Meanwhile, Barclays has predicted London's stock market has emerged from the "investment wilderness" after the Brexit deal triggered a record rush into shares exposed to the UK economy.
Mr El-Erian said the bubble "can be handled in an orderly fashion" if economies recover enough.
Vaccine hopes have created a light at the end of the tunnel for investors, although the pandemic is at its worst point in many parts of the world.
Peter Hargreaves – co-founder of investment platform Hargreaves Lansdown and one of Britain's richest men – disputed that there is bubble.
He said: "I've never known a market crash when everyone's been saying it's a bubble."
Mr Hargreaves argued that investors have already accounted for bad news about the pandemic. He conceded that some companies were "wildly overpriced", however, pointing to Elon Musk's $800bn Tesla as an example. He predicted a surge in spending driven by pent-up demand once vaccines allow a return to normal life.
"People are desperate to pamper themselves," Mr Hargreaves said, adding that the companies that have been hit hardest "are the ones that are going to bounce the biggest".

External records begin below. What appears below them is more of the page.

Lemma Q_le_of_support s x u :
  (forall a, 0 < pDa s a -> data_backup s a - sqdist emb a x <= u) -> Q s x <= u.
Proof.
move=> backup_le; rewrite Q_eq_post_expect.
apply: (pmf_expect_le (post_pmf (pDa_pmf s) q_gt0 x)) => a /post_gt0_support a_supp.
exact/backup_le/a_supp.
Qed.

Lemma data_backup_sub_norm_le c m s a x :
  0 <= gamma -> `|Rw s a - sqdist emb a x| <= c -> (forall s', `|fmax (Q s')| <= m) ->
  `|data_backup s a - sqdist emb a x| <= c + gamma * m.
Proof.
move=> gamma_ge0 Rw_le fmax_le; rewrite /data_backup addrAC.
apply: le_trans (ler_normD _ _) _; apply: lerD => //.
by rewrite normrM ger0_norm //; apply/ler_wpM2l/pmf_expect_norm_le.
Qed.

Lemma Q_norm_le c :
  0 <= gamma < 1 -> (forall s a x, `|Rw s a - sqdist emb a x| <= c) ->
  forall s x, `|Q s x| <= c / (1 - gamma).
Proof.
move=> /andP[gamma_ge0 gamma_lt1] Rw_le s x.
have c_ge0 : 0 <= c := le_trans (normr_ge0 _) (Rw_le s x x).
pose m := \big[Num.max/0]_(i : S * A) `|Q i.1 i.2|.
have Q_le_m s' x' : `|Q s' x'| <= m.
  exact: (le_bigmax 0 (fun i : S * A => `|Q i.1 i.2|) (s', x')).
have m_ge0 : 0 <= m := bigmax_ge_id _ _ _ _.
have Q_le s' x' : `|Q s' x'| <= c + gamma * m.
  rewrite Q_eq_post_expect; apply: (pmf_expect_norm_le (post_pmf _ q_gt0 _)) => // a.
  by apply: data_backup_sub_norm_le => // s''; apply: fmax_norm_le.
have m_le : m <= c + gamma * m.
  by apply: bigmax_le => [|i _]; [rewrite addr_ge0 ?mulr_ge0 | exact: Q_le].
apply: le_trans (Q_le_m s x) _.
by rewrite ler_pdivlMr ?subr_gt0 //; nra.
Qed.

Lemma data_backup_sub_Q_le s b L :
  (forall a, `|data_backup s a - sqdist emb a b| <= L) ->
  data_backup s b - Q s b <= L *+ 2 * \sum_(a | a != b) post q pDa sigma s b a.
Proof.
move=> backup_le; have [post_ge0 post_sum1] := post_pmf (pDa_pmf s) q_gt0 b.
rewrite -[data_backup s b]mul1r -post_sum1 mulr_suml Q_eq_post_expect -sumrB.
rewrite (bigD1 b) //= sqdistxx subr0 subrr add0r mulr_sumr.
apply: ler_sum => a _; rewrite -mulrBr mulrC; apply: ler_wpM2r => //.
have := backup_le a; have := backup_le b; rewrite sqdistxx subr0 !ler_norml mulr2n.
lra.
Qed.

Peter Oppenheimer, chief global equity strategist at Goldman Sachs, said stimulus measures had given investors confidence to look past the pandemic.
A correction would be threatened if rising infection rates and increasing restrictions stifle the recovery, Mr Oppenheimer said. But a sustained stock market downturn is unlikely, he argued, and markets may merely plateau before a recovery kicks in.
Mr Oppenheimer said: "It isn't unusual to see the sharpest recovery as investors grow more confident that you can come out of recession."
He cautioned, however, that valuations may slip later in the year as companies begin to report post-pandemic profit figures.
Despite record highs being reached elsewhere, the FTSE 100 still has a way to go to make up the ground it lost last year. But it has outperformed all major US and European stock indices in 2021.
Barclays strategist Emmanuel Cau said UK stocks had started the year "with a bang" after being stuck in the "investment wilderness" since the Brexit vote.
The bank said a record amount of money was ploughed into domestically-focused FTSE 250 stocks after the risk of a no-deal Brexit was removed. Around £400m was pushed into exchange-traded funds tracking the index in December.